Open jeng1220 opened 4 years ago

jeng1220 commented 4 years ago

It threw:

usr/include/ncException.h:27:7: note:   candidate expects 3 arguments, 4 provided
NNNetwork.cpp:4001:141: error: no matching function for call to 'netCDF::exceptions::NcException::NcException(const char [12], std::__cxx11::basic_string<char>, const char [14], int)'
                 throw NcException("NcException", "NNetwork::NNetwork: No weights supplied in NetCDF input file " + fname, __FILE__, __LINE__);

the available constructors of NcException in libnetcdf-c++4 are (link):

    class NcException : public std::exception {
    public:
      NcException(const char* complaint, const char* fileName, int lineNumber);
      NcException(int errorCode, const char* complaint, const char* fileName, int lineNumber);

there is no constructor accepting arguments like (const char*, const std::string&, const char*, int)

scottlegrand commented 4 years ago

Yeah, netcdf is a bad actor, arbitrarily changing API functionality and syntax with no macros to detect the version. I don't have a fix for this, and it remains similarly broken under Ubuntu 14 because of a netcdf bug that may or may not be fixed by now that forced a change in syntax for netcdf variables.

In this case, it looks like they changed the NcException API from the version that ships with Ubuntu 16.04. And that makes me wonder what else might have broken in the process.

scottlegrand commented 4 years ago

4.3 (which ships with 18.04) defines NcException as above, but 4.2 (which ships with 16.04) defines it as: NcException(const std::string& exceptionName,const std::string& complaint,const char* fileName,int lineNumber);

This is a trivial fix if we can find a compile-time version detection for netcdf.

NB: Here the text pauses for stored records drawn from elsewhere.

(* Let $k,n$ be integers with $0<k\leqslant n<2k$, and set $m=2k$. Then $\alpha(2k,n,k)=\frac{1}{2}\binom{2k}{k}=h(2k,n,k)$.
   Context: For positive integers $a\leqslant b$, $[a,b]=\{a,a+1,\dots,b\}$ and $[a]=[1,a]$; $\binom{X}{k}$ denotes the family of all $k$-subsets of a set $X$. A family of sets is intersecting if no two of its members are disjoint. For integers $0<k\leqslant n<2k\leqslant m$, an $(m,n,k)$-intersecting family is an intersecting family $\mathcal{F}$ with $\binom{[n]}{k}\subseteq\mathcal{F}\subseteq\binom{[m]}{k}$, and $\alpha(m,n,k)$ is the maximum cardinality of an $(m,n,k)$-intersecting family. Define $h(m,n,k)=\binom{n}{k}+\sum_{i=1}^{2k-n-1}\binom{n-1}{k-i-1}\binom{m-n}{i}$. *)

From mathcomp Require Import all_boot.
Set Implicit Arguments. Unset Strict Implicit. Unset Printing Implicit Defensive.

(* Ground set [m] = {1,...,m} is modelled by 'I_m = {0,...,m-1} via i |-> i+1;
   [n] then corresponds to the ordinals i with i < n. *)

Definition intersecting (T : finType) (F : {set {set T}}) : bool :=
  [forall A in F, forall B in F, A :&: B != set0].

Definition mnk_intersecting (m n k : nat) (F : {set {set 'I_m}}) : bool :=
  [&& intersecting F,
      [forall A : {set 'I_m},
         ((A \subset [set i : 'I_m | i < n]) && (#|A| == k)) ==> (A \in F)]
    & [forall A in F, #|A| == k]].

Definition alpha (m n k : nat) : nat :=
  \max_(F : {set {set 'I_m}} | mnk_intersecting n k F) #|F|.

(* h(m,n,k) = C(n,k) + sum_{i=1}^{2k-n-1} C(n-1,k-i-1) C(m-n,i);
   the binomial C(n-1, k-i-1) is taken to be 0 when k-i-1 < 0. *)
Definition h (m n k : nat) : nat :=
  'C(n, k) + \sum_(1 <= i < (2 * k - n - 1).+1)
               (if i < k then 'C(n - 1, k - i - 1) else 0) * 'C(m - n, i).

From mathcomp Require Import all_boot zify.

(* Upper bound: an intersecting family of k-sets never contains both a set and
   its complement, so F and its complements are disjoint inside the k-subsets
   of a 2k-set.  Lower bound: the k-subsets avoiding a fixed point [x >= n]
   pairwise meet (two k-sets do not fit disjointly into 2k - 1 points) and
   contain all k-subsets of [n]; there are C(2k-1, k) = C(2k, k)/2 of them.
   The value of h follows from Vandermonde's identity with 2k - 1 = (2k - n) + (n - 1). *)

Lemma bin_pred_double_sym k : 0 < k -> 'C((2 * k).-1, k.-1) = 'C((2 * k).-1, k).
Proof. by move=> k_gt0; rewrite -bin_sub; [congr 'C(_, _) | ]; lia. Qed.

Lemma bin_double k : 0 < k -> 'C(2 * k, k) = 2 * 'C((2 * k).-1, k).
Proof.
case: k => // k _.
rewrite {1}(_ : 2 * k.+1 = (2 * k.+1).-1.+1) ?binS ?bin_pred_double_sym //; lia.
Qed.

Lemma sum_bin_tail e l k : 0 < k -> e <= k -> e + l = (2 * k).-1 ->
  \sum_(e <= i < k) 'C(e, i) * 'C(l, k.-1 - i) = 'C(l, k).
Proof.
move=> k_gt0 e_le_k el_eq; case: (ltnP e k) => [e_lt_k | k_le_e]; last first.
  by rewrite big_geq // bin_small //; lia.
rewrite big_ltn // big_nat big1 => [|i /andP[e_lt_i _]]; last first.
  by rewrite bin_small.
by rewrite binn mul1n addn0 -bin_sub; [congr 'C(_, _) | ]; lia.
Qed.

Lemma h_double k n : 0 < k -> k <= n -> n < 2 * k ->
  h (2 * k) n k = 'C((2 * k).-1, k.-1).
Proof.
move=> k_gt0 k_le_n n_lt; set e := 2 * k - n.
have e_gt0 : 0 < e by rewrite /e; lia.
have e_le_k : e <= k by rewrite /e; lia.
have := Vandermonde e n.-1 k.-1.
rewrite (_ : e + n.-1 = (2 * k).-1); last by rewrite /e; lia.
rewrite (_ : k.-1.+1 = k); last by lia.
rewrite -(big_mkord xpredT (fun i => 'C(e, i) * 'C(n.-1, k.-1 - i))) => <-.
rewrite (big_cat_nat _ (n := e)) //= big_ltn //= bin0 mul1n subn0.
rewrite sum_bin_tail //; last by rewrite /e; lia.
rewrite /h (_ : (2 * k - n - 1).+1 = e); last by rewrite /e; lia.
rewrite -/e (_ : 'C(n, k) = 'C(n.-1, k.-1) + 'C(n.-1, k)); last first.
  by case: (n) (k) k_gt0 k_le_n => [|p] [|q] //= _ _; rewrite binS addnC.
rewrite [in RHS]addnAC; congr (_ + _).
apply: eq_big_nat => i /andP[_ i_lt_e].
by rewrite ifT 1?mulnC; [congr (_ * 'C(_, _)) | ]; lia.
Qed.

Lemma intersecting_disjoint_compl {T : finType} {F : {set {set T}}} :
  intersecting F -> [disjoint F & [set ~: A | A in F]].
Proof.
move=> /forall_inP F_int; apply/pred0P => A /=; apply/andP => -[AF /imsetP[B BF A_eq]].
by have /forall_inP/(_ B BF) := F_int A AF; rewrite A_eq setIC setICr eqxx.
Qed.

Lemma uniform_intersecting_card_le (T : finType) k (F : {set {set T}}) :
  #|T| = 2 * k -> intersecting F -> [forall A in F, #|A| == k] ->
  2 * #|F| <= 'C(2 * k, k).
Proof.
move=> card_T F_int /forall_inP F_unif.
have card_compl : #|[set ~: A | A in F]| = #|F| by rewrite card_imset //; apply: setC_inj.
rewrite -card_T -card_draws mul2n -addnn -{2}card_compl.
rewrite -cardsUI (disjoint_setI0 (intersecting_disjoint_compl F_int)) cards0 addn0.
apply/subset_leq_card/subsetP => A; rewrite !inE => /orP[/F_unif // | /imsetP[B BF ->]].
by rewrite cardsCs setCK (eqP (F_unif B BF)) card_T; apply/eqP; lia.
Qed.

Lemma draws_intersecting (T : finType) (B : {set T}) k :
  #|B| < 2 * k -> intersecting [set A : {set T} | A \subset B & #|A| == k].
Proof.
move=> card_B; apply/forall_inP => A; rewrite inE => /andP[AB /eqP card_A].
apply/forall_inP => C; rewrite inE => /andP[CB /eqP card_C].
apply: contraTneq card_B => AC0; rewrite -leqNgt.
rewrite mul2n -addnn -{1}card_A -card_C -cardsUI AC0 cards0 addn0.
by rewrite subset_leq_card // subUset AB.
Qed.

Lemma mnk_intersecting_avoid m n k (x : 'I_m) : m <= 2 * k -> n <= x ->
  mnk_intersecting n k [set A : {set 'I_m} | A \subset [set~ x] & #|A| == k].
Proof.
move=> m_le n_le_x; apply/and3P; split.
- by apply: draws_intersecting; rewrite cardsC1 card_ord; have := ltn_ord x; lia.
- apply/forallP => A; apply/implyP => /andP[An card_A]; rewrite inE card_A andbT.
  apply: subset_trans An _; apply/subsetP => i; rewrite !inE => i_lt_n.
  by apply: contraTneq i_lt_n => ->; rewrite -leqNgt.
- by apply/forall_inP => A; rewrite inE => /andP[].
Qed.

Lemma alpha_double k n : 0 < k -> n < 2 * k -> 2 * alpha (2 * k) n k = 'C(2 * k, k).
Proof.
move=> k_gt0 n_lt; apply/eqP; rewrite eqn_leq !bin_double // !leq_pmul2l //.
apply/andP; split.
  apply/bigmax_leqP => F /and3P[F_int _ F_unif].
  rewrite -(leq_pmul2l (isT : 0 < 2)) -bin_double //.
  exact: uniform_intersecting_card_le (card_ord _) F_int F_unif.
have x_lt : (2 * k).-1 < 2 * k by lia.
have n_le_x : n <= Ordinal x_lt by rewrite /=; lia.
have avoid_x := @mnk_intersecting_avoid _ n k _ (leqnn _) n_le_x.
by apply: leq_trans (leq_bigmax_cond _ avoid_x); rewrite cards_draws cardsC1 card_ord.
Qed.

Theorem proposition5 (k n : nat) :
  0 < k -> k <= n -> n < 2 * k ->
  2 * alpha (2 * k) n k = 'C(2 * k, k) /\ 2 * h (2 * k) n k = 'C(2 * k, k).
Proof.
move=> k_gt0 k_le_n n_lt; split; first exact: alpha_double.
by rewrite h_double // bin_pred_double_sym // bin_double.
Qed.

Googling so far has not been of much help.

spacelover1 commented 4 years ago

IDK why but The problem still exists and I'm getting the same error:

/usr/include/ncException.h:26:7: note: candidate: netCDF::exceptions::NcException::NcException(const string&, const string&, const char*, int)
       NcException(const std::string& exceptionName,const std::string& complaint,const char* fileName,int lineNumber);
       ^
/usr/include/ncException.h:26:7: note:   candidate expects 4 arguments, 3 provided

That and:

 #define NC_EXCEPTION(errorStr, msg, filename, line) NcException(std::string(msg).c_str(), filename, line)
                                                                                                         ^
NNLayer.cpp:3322:27: note: in expansion of macro 'NC_EXCEPTION'
                     throw NC_EXCEPTION("NcException", "NNLayer::NNLayer: No skip attributes supplied in NetCDF input file " + fname, __FILE__, __LINE__);
                           ^
In file included from NcExcptionWrap.h:2:0

Everything's fine to step 13/15 and then these happens.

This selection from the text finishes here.